Given information:
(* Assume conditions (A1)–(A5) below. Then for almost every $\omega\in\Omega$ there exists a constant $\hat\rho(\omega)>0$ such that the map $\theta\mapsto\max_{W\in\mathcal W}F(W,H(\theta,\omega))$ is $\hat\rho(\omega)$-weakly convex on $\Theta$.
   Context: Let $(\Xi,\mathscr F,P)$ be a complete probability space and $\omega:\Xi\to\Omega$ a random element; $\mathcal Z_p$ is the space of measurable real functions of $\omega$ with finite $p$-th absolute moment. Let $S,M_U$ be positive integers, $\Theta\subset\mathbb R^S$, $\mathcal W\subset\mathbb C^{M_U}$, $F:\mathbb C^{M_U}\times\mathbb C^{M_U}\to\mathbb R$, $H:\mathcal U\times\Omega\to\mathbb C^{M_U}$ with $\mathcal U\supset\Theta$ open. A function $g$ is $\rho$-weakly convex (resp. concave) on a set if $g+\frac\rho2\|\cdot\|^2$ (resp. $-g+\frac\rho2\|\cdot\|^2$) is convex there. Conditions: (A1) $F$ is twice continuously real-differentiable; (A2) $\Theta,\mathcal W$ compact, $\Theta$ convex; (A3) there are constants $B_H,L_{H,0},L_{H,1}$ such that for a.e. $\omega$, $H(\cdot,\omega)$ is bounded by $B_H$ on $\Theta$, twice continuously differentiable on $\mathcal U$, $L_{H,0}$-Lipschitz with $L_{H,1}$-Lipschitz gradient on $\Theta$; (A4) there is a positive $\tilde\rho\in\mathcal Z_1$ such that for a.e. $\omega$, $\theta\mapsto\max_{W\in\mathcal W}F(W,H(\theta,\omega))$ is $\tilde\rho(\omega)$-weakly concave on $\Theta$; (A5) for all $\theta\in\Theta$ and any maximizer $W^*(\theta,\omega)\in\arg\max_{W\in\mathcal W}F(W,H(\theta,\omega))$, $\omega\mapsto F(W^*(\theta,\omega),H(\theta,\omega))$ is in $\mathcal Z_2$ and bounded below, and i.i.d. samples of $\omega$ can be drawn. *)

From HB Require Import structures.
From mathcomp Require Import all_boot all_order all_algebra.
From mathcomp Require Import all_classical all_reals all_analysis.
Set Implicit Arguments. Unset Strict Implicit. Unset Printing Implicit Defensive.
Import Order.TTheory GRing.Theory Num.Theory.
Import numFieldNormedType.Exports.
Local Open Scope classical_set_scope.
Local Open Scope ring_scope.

--

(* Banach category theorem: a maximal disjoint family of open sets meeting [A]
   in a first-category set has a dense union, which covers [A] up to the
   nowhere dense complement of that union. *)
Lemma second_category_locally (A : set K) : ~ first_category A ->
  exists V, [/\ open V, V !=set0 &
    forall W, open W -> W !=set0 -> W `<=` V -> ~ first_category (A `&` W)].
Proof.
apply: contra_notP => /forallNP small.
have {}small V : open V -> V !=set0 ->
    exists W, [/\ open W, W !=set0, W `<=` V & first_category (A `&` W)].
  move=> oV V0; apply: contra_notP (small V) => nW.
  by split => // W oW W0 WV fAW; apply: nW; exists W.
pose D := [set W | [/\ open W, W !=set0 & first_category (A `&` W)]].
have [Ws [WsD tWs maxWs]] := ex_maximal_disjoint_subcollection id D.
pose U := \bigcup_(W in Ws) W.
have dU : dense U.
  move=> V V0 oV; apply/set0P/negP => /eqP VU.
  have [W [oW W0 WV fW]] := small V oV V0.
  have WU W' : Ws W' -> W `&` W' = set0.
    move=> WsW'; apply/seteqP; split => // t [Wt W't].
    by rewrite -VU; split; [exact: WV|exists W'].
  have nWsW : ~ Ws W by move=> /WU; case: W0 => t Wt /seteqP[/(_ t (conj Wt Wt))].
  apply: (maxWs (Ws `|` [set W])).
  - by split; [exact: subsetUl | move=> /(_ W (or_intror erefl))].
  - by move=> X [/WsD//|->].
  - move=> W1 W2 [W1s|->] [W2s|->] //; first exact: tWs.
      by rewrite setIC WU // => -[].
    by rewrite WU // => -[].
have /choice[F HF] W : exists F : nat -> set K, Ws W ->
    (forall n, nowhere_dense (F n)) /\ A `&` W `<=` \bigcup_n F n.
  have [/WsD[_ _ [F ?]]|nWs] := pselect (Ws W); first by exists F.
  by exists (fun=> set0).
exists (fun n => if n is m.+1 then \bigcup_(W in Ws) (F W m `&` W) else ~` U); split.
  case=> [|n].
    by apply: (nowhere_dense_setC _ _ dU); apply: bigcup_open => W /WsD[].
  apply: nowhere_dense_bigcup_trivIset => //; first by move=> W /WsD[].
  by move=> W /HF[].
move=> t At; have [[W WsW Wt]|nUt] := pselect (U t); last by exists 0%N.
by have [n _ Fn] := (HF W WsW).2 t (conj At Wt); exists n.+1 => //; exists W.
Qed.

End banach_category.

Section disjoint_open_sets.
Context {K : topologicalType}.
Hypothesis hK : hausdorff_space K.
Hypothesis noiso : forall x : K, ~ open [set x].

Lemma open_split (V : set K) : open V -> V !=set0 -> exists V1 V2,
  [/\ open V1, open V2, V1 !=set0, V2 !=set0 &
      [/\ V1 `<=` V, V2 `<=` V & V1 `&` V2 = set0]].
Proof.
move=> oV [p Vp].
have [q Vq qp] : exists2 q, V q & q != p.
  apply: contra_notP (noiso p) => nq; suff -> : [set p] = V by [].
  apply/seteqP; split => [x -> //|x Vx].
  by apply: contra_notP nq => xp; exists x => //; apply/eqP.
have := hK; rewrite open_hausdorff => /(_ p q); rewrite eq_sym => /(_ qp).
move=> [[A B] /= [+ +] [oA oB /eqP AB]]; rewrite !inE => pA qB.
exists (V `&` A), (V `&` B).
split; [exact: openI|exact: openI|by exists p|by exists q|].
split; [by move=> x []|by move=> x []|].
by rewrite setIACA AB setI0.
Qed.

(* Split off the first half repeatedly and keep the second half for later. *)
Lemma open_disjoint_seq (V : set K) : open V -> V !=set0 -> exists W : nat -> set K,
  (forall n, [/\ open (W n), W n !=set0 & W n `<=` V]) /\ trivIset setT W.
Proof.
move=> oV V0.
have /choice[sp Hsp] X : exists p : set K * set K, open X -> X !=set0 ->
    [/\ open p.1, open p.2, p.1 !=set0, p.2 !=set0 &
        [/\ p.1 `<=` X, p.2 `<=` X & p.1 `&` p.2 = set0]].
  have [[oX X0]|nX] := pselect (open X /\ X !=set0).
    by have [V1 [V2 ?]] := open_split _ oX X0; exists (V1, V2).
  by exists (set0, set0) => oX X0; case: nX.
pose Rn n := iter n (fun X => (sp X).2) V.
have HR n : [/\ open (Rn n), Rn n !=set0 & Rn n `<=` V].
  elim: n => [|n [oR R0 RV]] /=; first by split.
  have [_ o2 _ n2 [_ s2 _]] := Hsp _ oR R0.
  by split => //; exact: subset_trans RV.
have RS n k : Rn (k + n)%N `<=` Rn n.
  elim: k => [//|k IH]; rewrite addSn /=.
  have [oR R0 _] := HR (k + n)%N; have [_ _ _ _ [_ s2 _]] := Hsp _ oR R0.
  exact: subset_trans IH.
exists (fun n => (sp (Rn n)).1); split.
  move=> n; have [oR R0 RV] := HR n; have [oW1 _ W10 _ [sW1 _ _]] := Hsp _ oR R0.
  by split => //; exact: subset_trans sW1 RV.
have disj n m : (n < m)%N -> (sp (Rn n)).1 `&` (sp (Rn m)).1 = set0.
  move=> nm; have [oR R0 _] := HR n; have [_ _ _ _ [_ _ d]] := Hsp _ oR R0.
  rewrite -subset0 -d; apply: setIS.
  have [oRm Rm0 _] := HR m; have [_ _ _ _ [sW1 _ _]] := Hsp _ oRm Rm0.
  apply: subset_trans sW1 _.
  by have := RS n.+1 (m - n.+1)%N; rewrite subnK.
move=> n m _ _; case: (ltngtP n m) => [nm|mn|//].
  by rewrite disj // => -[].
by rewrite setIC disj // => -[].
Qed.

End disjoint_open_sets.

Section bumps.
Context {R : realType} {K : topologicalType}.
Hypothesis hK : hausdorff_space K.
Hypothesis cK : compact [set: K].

About this task: Using the data above, reproduce exactly the lines between those holding "(* Banach category" and "V : open V -> V !=set0 ->", inclusive, and no others.

Answer to this task:
(* Banach category theorem: a maximal disjoint family of open sets meeting [A]
   in a first-category set has a dense union, which covers [A] up to the
   nowhere dense complement of that union. *)
Lemma second_category_locally (A : set K) : ~ first_category A ->
  exists V, [/\ open V, V !=set0 &
    forall W, open W -> W !=set0 -> W `<=` V -> ~ first_category (A `&` W)].
Proof.
apply: contra_notP => /forallNP small.
have {}small V : open V -> V !=set0 ->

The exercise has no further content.